__EXERCISE AIM__: Some lines of these records may hold the word "sqrt"; state how many, using only the number.

GIVEN RECORDS Start Marker

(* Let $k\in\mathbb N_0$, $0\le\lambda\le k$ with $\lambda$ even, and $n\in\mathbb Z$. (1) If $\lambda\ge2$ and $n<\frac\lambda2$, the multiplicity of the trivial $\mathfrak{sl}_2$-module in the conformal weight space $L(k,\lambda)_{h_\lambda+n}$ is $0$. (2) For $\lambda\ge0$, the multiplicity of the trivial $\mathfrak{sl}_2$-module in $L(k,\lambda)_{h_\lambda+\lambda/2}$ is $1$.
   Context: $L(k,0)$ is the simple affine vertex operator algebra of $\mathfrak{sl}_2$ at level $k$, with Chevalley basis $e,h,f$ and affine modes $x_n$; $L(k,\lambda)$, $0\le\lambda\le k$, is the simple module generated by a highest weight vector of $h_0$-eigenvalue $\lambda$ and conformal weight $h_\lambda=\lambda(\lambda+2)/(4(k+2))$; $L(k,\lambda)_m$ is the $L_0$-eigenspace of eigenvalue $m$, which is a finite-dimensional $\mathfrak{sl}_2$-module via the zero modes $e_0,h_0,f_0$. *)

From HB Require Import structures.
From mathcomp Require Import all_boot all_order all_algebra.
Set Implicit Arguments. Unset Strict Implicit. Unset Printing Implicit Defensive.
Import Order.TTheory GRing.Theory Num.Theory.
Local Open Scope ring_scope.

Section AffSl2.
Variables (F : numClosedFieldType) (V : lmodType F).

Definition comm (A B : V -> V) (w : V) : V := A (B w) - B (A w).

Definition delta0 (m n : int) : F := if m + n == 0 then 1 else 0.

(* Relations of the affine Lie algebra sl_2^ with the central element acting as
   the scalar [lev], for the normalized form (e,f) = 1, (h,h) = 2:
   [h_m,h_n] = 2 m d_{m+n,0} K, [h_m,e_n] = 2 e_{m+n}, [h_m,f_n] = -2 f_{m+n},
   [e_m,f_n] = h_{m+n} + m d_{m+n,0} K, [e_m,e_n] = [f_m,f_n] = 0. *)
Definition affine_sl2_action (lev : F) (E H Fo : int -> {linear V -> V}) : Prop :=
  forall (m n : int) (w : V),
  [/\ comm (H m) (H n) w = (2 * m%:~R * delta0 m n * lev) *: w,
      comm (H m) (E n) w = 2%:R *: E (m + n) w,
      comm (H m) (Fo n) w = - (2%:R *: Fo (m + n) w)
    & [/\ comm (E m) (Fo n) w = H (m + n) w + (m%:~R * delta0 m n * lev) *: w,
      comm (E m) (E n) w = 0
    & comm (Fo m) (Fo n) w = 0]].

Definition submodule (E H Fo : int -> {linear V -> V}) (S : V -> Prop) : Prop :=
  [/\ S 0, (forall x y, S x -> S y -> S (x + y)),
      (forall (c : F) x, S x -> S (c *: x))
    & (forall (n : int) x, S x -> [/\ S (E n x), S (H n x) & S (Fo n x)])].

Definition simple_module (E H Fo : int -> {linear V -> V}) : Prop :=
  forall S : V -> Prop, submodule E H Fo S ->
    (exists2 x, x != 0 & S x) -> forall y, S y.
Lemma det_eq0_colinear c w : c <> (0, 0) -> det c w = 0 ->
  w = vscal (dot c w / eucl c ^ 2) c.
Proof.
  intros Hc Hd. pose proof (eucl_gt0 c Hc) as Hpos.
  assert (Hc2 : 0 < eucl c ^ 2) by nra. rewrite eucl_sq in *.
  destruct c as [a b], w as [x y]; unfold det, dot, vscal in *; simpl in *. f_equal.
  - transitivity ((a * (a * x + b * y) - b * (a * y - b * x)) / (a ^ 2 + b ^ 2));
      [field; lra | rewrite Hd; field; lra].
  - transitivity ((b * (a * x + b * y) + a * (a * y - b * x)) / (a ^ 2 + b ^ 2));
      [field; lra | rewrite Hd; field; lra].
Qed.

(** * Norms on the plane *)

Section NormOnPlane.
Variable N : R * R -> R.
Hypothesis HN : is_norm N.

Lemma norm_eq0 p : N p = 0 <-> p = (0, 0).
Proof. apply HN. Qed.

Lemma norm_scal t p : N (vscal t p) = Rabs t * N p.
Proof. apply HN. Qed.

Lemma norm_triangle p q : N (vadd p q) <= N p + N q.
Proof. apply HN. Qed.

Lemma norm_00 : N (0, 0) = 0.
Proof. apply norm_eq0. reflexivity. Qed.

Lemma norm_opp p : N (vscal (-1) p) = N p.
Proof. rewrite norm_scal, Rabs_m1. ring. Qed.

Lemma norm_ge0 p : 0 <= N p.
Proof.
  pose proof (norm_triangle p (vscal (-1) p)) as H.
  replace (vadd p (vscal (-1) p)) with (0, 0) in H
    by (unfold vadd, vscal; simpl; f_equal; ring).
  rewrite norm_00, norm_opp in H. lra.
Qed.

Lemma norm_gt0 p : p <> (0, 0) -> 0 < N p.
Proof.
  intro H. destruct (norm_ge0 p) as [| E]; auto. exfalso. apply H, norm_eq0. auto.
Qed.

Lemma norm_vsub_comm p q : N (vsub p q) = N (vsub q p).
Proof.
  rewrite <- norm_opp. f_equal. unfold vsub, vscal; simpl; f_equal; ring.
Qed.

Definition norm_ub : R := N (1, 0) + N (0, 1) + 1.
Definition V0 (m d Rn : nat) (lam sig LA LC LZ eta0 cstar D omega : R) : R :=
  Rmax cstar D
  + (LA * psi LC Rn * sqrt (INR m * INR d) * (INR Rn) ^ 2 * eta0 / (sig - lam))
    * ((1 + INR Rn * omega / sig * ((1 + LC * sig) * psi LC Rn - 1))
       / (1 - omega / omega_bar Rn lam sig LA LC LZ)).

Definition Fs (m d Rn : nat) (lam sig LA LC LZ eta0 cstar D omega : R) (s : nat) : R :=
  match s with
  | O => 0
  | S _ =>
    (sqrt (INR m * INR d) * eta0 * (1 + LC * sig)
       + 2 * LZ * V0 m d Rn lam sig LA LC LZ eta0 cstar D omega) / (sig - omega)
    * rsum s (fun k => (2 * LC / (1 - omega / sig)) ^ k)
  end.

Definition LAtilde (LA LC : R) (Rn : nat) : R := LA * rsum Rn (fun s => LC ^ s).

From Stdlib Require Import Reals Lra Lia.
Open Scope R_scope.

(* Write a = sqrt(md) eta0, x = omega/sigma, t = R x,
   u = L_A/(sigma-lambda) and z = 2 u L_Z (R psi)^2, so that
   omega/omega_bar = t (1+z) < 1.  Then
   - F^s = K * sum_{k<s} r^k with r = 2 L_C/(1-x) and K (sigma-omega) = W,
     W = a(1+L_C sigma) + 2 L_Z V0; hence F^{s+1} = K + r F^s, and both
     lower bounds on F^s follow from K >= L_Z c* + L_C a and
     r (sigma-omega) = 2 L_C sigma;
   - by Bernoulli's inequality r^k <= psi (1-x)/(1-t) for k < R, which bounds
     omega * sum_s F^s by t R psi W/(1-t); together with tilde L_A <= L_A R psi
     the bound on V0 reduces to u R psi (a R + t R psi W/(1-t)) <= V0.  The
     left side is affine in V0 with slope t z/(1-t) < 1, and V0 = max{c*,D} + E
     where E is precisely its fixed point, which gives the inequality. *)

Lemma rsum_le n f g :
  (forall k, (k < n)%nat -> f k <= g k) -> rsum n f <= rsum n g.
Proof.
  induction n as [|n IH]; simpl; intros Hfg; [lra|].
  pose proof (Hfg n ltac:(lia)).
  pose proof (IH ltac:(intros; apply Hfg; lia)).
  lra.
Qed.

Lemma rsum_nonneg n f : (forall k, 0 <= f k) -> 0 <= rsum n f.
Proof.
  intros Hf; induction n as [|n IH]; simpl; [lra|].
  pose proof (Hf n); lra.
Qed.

GIVEN RECORDS End Marker

__RESPONSE AREA__: 3